■ **PROBLEM STATEMENT**:
Where the records below reach the line containing "Definition is_restricted_min (Thstar", start transcribing, and end with the line containing "(whose quadratic form", exactly and with nothing else added.

AVAILABLE DATA: Begin

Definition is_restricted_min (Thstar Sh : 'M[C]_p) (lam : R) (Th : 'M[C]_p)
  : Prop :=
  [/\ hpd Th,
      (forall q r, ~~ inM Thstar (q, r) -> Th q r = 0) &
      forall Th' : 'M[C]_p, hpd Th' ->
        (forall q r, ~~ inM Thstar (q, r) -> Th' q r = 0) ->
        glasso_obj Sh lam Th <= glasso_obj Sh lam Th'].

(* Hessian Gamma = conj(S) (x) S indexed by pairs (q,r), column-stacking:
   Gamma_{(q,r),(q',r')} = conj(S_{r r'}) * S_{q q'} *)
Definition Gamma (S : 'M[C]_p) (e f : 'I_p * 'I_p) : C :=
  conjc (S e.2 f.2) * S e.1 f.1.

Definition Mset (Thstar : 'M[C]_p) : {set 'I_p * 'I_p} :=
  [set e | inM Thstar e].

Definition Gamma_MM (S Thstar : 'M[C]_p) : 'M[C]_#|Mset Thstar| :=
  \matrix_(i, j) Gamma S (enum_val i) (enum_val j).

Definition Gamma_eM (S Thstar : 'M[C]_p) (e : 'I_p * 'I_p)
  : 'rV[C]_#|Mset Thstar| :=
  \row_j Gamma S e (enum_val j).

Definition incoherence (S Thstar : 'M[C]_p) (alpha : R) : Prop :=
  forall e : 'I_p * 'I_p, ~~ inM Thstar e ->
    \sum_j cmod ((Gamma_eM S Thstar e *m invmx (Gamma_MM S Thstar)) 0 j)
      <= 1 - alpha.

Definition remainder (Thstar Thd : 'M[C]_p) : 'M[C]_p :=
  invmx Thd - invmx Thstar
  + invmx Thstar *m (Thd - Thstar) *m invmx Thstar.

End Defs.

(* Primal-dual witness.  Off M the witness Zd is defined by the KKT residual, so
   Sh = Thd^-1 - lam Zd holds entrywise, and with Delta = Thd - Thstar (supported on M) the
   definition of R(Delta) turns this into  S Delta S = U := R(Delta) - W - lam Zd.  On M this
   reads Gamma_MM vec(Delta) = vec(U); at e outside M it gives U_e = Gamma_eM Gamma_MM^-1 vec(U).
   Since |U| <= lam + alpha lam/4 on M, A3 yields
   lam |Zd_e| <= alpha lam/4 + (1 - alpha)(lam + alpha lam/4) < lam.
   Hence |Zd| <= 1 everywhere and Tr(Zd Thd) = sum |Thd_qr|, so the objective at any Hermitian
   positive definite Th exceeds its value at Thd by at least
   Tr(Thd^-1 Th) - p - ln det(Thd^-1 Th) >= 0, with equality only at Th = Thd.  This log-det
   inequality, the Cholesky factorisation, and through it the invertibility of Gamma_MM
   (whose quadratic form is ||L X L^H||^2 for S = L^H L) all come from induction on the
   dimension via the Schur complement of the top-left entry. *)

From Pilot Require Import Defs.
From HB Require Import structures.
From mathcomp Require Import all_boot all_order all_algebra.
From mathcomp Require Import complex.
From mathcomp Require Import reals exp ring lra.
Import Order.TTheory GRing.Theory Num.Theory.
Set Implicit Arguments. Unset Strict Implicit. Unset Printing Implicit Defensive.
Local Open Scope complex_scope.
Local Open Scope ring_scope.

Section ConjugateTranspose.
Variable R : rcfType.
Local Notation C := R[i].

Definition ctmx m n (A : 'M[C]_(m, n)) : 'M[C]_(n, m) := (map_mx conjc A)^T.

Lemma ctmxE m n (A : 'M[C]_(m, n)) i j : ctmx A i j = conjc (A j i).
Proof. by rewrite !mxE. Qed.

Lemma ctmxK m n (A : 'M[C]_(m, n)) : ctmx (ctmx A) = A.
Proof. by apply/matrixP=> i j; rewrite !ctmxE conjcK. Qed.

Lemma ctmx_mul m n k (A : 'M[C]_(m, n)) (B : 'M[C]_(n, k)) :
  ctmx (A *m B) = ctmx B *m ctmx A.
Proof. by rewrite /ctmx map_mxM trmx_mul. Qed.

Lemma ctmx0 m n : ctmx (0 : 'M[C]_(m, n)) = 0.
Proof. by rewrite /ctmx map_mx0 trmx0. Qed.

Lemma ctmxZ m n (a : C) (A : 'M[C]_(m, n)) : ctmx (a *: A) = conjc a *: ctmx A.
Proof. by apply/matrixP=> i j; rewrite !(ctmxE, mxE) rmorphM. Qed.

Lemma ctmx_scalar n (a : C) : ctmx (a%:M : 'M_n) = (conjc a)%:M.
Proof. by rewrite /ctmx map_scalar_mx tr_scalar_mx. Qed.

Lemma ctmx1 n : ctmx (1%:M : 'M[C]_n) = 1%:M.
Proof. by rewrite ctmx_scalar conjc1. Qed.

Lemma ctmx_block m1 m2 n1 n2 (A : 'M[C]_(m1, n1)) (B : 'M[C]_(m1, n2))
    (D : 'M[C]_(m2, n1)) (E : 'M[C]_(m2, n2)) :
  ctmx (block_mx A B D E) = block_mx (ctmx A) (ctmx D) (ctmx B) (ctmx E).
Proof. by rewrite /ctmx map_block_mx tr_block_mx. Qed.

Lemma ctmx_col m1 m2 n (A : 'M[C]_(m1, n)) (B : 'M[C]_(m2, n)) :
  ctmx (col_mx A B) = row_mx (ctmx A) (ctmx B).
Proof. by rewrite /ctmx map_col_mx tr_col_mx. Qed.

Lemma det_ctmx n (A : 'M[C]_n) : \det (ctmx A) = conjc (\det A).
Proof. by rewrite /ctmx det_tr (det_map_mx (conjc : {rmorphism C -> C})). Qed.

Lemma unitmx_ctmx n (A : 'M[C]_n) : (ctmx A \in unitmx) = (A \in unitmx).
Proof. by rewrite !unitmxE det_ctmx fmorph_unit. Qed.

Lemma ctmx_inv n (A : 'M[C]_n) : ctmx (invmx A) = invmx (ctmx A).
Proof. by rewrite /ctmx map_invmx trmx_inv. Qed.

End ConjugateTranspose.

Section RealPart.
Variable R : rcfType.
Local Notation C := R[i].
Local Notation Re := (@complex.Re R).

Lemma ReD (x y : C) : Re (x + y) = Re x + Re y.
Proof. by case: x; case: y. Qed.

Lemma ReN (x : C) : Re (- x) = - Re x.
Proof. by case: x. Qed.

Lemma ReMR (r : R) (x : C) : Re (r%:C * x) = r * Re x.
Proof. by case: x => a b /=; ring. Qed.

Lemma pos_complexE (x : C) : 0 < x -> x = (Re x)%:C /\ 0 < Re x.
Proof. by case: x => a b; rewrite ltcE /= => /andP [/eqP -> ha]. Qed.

AVAILABLE DATA: End
AVAILABLE DATA: Begin

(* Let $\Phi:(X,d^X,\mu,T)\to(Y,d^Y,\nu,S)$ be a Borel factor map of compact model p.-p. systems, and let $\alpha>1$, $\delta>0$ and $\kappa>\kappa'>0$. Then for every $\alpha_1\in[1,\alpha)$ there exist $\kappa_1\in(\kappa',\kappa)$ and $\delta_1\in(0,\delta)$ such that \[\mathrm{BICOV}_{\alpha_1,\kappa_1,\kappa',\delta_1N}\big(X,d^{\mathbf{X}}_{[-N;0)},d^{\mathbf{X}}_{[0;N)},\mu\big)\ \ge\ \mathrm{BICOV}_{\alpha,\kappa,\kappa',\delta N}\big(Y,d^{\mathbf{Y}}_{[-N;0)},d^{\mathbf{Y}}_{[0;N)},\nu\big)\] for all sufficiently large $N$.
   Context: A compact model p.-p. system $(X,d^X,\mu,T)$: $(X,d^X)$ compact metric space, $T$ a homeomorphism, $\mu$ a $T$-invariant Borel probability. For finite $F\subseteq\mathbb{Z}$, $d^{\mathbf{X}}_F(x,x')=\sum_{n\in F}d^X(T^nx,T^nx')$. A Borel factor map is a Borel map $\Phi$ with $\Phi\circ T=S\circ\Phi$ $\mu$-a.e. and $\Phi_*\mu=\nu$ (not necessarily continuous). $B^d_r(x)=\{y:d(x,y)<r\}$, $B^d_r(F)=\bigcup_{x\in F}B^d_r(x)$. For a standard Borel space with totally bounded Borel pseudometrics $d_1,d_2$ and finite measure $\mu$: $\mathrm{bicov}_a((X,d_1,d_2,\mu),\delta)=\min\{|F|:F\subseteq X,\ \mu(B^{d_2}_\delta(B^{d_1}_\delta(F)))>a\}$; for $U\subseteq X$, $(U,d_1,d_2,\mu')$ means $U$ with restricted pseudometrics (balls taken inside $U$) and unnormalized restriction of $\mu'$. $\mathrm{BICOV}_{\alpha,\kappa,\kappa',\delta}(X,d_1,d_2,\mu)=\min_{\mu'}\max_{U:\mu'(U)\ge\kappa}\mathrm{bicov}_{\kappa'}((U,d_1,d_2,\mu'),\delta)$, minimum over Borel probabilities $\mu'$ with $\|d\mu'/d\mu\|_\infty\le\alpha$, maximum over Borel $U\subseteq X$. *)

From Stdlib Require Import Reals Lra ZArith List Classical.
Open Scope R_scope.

AVAILABLE DATA: End

■ **SOLUTION FOR THIS PROBLEM**:
Definition is_restricted_min (Thstar Sh : 'M[C]_p) (lam : R) (Th : 'M[C]_p)
  : Prop :=
  [/\ hpd Th,
      (forall q r, ~~ inM Thstar (q, r) -> Th q r = 0) &
      forall Th' : 'M[C]_p, hpd Th' ->
        (forall q r, ~~ inM Thstar (q, r) -> Th' q r = 0) ->
        glasso_obj Sh lam Th <= glasso_obj Sh lam Th'].

(* Hessian Gamma = conj(S) (x) S indexed by pairs (q,r), column-stacking:
   Gamma_{(q,r),(q',r')} = conj(S_{r r'}) * S_{q q'} *)
Definition Gamma (S : 'M[C]_p) (e f : 'I_p * 'I_p) : C :=
  conjc (S e.2 f.2) * S e.1 f.1.

Definition Mset (Thstar : 'M[C]_p) : {set 'I_p * 'I_p} :=
  [set e | inM Thstar e].

Definition Gamma_MM (S Thstar : 'M[C]_p) : 'M[C]_#|Mset Thstar| :=
  \matrix_(i, j) Gamma S (enum_val i) (enum_val j).

Definition Gamma_eM (S Thstar : 'M[C]_p) (e : 'I_p * 'I_p)
  : 'rV[C]_#|Mset Thstar| :=
  \row_j Gamma S e (enum_val j).

Definition incoherence (S Thstar : 'M[C]_p) (alpha : R) : Prop :=
  forall e : 'I_p * 'I_p, ~~ inM Thstar e ->
    \sum_j cmod ((Gamma_eM S Thstar e *m invmx (Gamma_MM S Thstar)) 0 j)
      <= 1 - alpha.

Definition remainder (Thstar Thd : 'M[C]_p) : 'M[C]_p :=
  invmx Thd - invmx Thstar
  + invmx Thstar *m (Thd - Thstar) *m invmx Thstar.

End Defs.

(* Primal-dual witness.  Off M the witness Zd is defined by the KKT residual, so
   Sh = Thd^-1 - lam Zd holds entrywise, and with Delta = Thd - Thstar (supported on M) the
   definition of R(Delta) turns this into  S Delta S = U := R(Delta) - W - lam Zd.  On M this
   reads Gamma_MM vec(Delta) = vec(U); at e outside M it gives U_e = Gamma_eM Gamma_MM^-1 vec(U).
   Since |U| <= lam + alpha lam/4 on M, A3 yields
   lam |Zd_e| <= alpha lam/4 + (1 - alpha)(lam + alpha lam/4) < lam.
   Hence |Zd| <= 1 everywhere and Tr(Zd Thd) = sum |Thd_qr|, so the objective at any Hermitian
   positive definite Th exceeds its value at Thd by at least
   Tr(Thd^-1 Th) - p - ln det(Thd^-1 Th) >= 0, with equality only at Th = Thd.  This log-det
   inequality, the Cholesky factorisation, and through it the invertibility of Gamma_MM
   (whose quadratic form is ||L X L^H||^2 for S = L^H L) all come from induction on the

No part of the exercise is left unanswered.